Pourtant l’antisionisme de LFI est connu de toute la classe politique. On sait que plusieurs leaders de ce parti islamo-gauchiste ont refusé de qualifier de « terroristes » les massacres, les tortures et les enlèvements d’Israéliens du 7 octobre 2023.
Depuis les législatives, la macronie et la droite molle tentent de « rediaboliser » LFI. Ces gens n’ont aucune dignité, aucune pudeur. Ils ont engrangé un maximum de députés grâce à l’entente avec le parti de Mélenchon. Ils ont atteints des sommets en matière de magouille et de tambouille.

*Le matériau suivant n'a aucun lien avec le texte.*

(* Let $\mathcal{E}$ be an ellipse with center $O$ that is not a circle. Consider the homothetic family: all triangles inscribed in $\mathcal{E}$ whose centroid is $O$, each with vertices listed counterclockwise. As $T$ ranges over this family: 1. The side length (hence also the circumradius) of the focal equilateral of $T$ is constant. 2. The centroid of the focal equilateral of $T$ lies on a fixed circle centered at $O$.
   Context: Equivalently, the homothetic family consists of the triangles inscribed in $\mathcal{E}$ and circumscribed about the ellipse that is the image of $\mathcal{E}$ under the homothety of center $O$ and ratio $1/2$. No member of this family is equilateral. It is known that over this family the sum of squared side lengths and the area are constant, and that the second isodynamic point $X_{16}$ moves on a circle centered at $O$. Hexagonal grid. Let $\zeta=e^{i\pi/3}$ and $\Lambda=\{m+n\zeta: m,n\in\mathbb{Z}\}$. Call $p,q\in\Lambda$ adjacent if $|p-q|=1$, and let $\mathcal{E}_\Lambda$ be the set of unordered pairs of adjacent lattice points. A hexagonal grid is a map $\varphi:\mathcal{E}_\Lambda\to\mathbb{C}$ such that for every $p\in\Lambda$ there exist $c_p,r_p\in\mathbb{C}$ with $\varphi(\{p,p+\zeta^k\})=c_p+r_p\zeta^k$ for $k=0,\dots,5$; these six points are the vertices of the hexagon $H_p$. Its reference triangle is $(\varphi(\{0,1\}),\varphi(\{1,\zeta\}),\varphi(\{\zeta,0\}))$. Every nondegenerate counterclockwise triangle $T=(A,B,C)$ is the reference triangle of a unique hexagonal grid. Chains and parabolas. For $p\in\Lambda$ and $e\in\{1,\zeta,\zeta^2\}$, the points $U_k=\varphi(\{p+ke,p+(k+1)e\})$, $k\in\mathbb{Z}$, form the vertex sequence of a chain. Chains with $e=1,\zeta^2,\zeta$ are called $A$-, $B$-, $C$-chains. Focal equilateral. By results of the paper, when $T$ is not equilateral each vertex sequence lies on a parabola, and parabolas of all $A$-chains (resp. $B$-, $C$-chains) share a focus $f_a$ (resp. $f_b$, $f_c$). The triangle $f_af_bf_c$ is equilateral with centroid $X_{16}(T)$ and squared side $\tfrac{3}{32}(a^2+b^2+c^2-2\sqrt3 S)$, where $a,b,c$ are the side lengths and $S$ is twice the area of $T$. This triangle is the focal equilateral of $T$. *)

From HB Require Import structures.
From mathcomp Require Import all_boot all_order all_algebra.
From mathcomp Require Import complex.
Set Implicit Arguments. Unset Strict Implicit. Unset Printing Implicit Defensive.
Import Order.TTheory GRing.Theory Num.Theory.
Local Open Scope ring_scope.
Local Open Scope complex_scope.

Section Defs.
Variable R : rcfType.
Local Notation C := R[i].

Definition sqn (z : C) : R := complex.Re z ^+ 2 + complex.Im z ^+ 2.

(* zeta = e^{i pi/3} *)
Definition zeta : C := (1 / 2) +i* (Num.sqrt 3 / 2).

(* Lattice points m + n zeta of Lambda are encoded as pairs (m, n) of integers.
   lat_dir k is the encoding of zeta^k (k = 0..5):
   1 = (1,0), zeta = (0,1), zeta^2 = zeta - 1 = (-1,1), zeta^3 = -1 = (-1,0),
   zeta^4 = (0,-1), zeta^5 = 1 - zeta = (1,-1). *)
Definition latp := (int * int)%type.
Definition lat_add (p q : latp) : latp := (p.1 + q.1, p.2 + q.2)%R.
Definition lat_scale (k : int) (p : latp) : latp := (k * p.1, k * p.2)%R.
Definition lat_dir (k : nat) : latp :=
  match k with
  | 0 => (1, 0) | 1 => (0, 1) | 2 => (-1, 1)
  | 3 => (-1, 0) | 4 => (0, -1) | _ => (1, -1) end%R.

(* A map on unordered pairs of adjacent lattice points is represented as a map
   phi on ordered pairs which is symmetric on adjacent pairs; the hexagonal
   grid condition: for each p there are c_p, r_p with
   phi {p, p + zeta^k} = c_p + r_p zeta^k for k = 0..5. *)
Definition hex_grid (phi : latp -> latp -> C) : Prop :=
  (forall p (k : nat), (k < 6)%N ->
     phi p (lat_add p (lat_dir k)) = phi (lat_add p (lat_dir k)) p) /\
  (forall p, exists cp rp : C, forall k : nat, (k < 6)%N ->
     phi p (lat_add p (lat_dir k)) = cp + rp * zeta ^+ k).

Definition ref_triangle (phi : latp -> latp -> C) : C * C * C :=
  (phi (0, 0)%R (1, 0)%R, phi (1, 0)%R (0, 1)%R, phi (0, 1)%R (0, 0)%R).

Quant au cordon sanitaire autour du RN, privé des deux vice-présidences dont il disposait dans la législature précédente, il relève lui aussi d’un coup d’État « soft ». En effet, qui est capable de nous dire en quoi le RN serait pire qu’il y a deux ans? En quoi est-il plus dangereux pour la démocratie que LFI ? Alors, pourquoi un tel ostracisme ? Pourquoi un parti légal, qui a obtenu plus d’un tiers des suffrages aux législatives, un parti qui a attiré onze millions de votants, est-il frappé de bannissement pour des postes de responsabilité à l’Assemblée nationale, davantage qu’en 2022, alors qu’il a fortement augmenté le nombre de ses élus ? De qui se moque-t-on ?
La véritable raison est simple : le cordon sanitaire permet aux autres partis, de LFI à la droite molle, de se partager le fromage républicain. Tous ces gens vont à la gamelle !
Les véritables bannis, les gueux, les pestiférés, sont les onze millions d’électeurs du RN, qui se voient traités en parias, en sous-hommes ou en proscrits du suffrage universel. En fait, nous sommes devenus cette «vile multitude» que Thiers voulait priver du droit de vote, en 1851.
Les magouilles auxquelles se sont livrés les partis « respectables » alimentent l’écœurement de la politique qui touchent neuf citoyens sur dix, bien au-delà des électeurs du RN. Mais c’est sans doute le but recherché : faire basculer notre démocratie – ou ce qu’il en reste ! – dans le chaos pour mieux nous conduire vers une gouvernance européenne, dans un premier temps, puis mondiale un peu plus tard. La finance apatride qui régit le monde a très peur du réveil des peuples.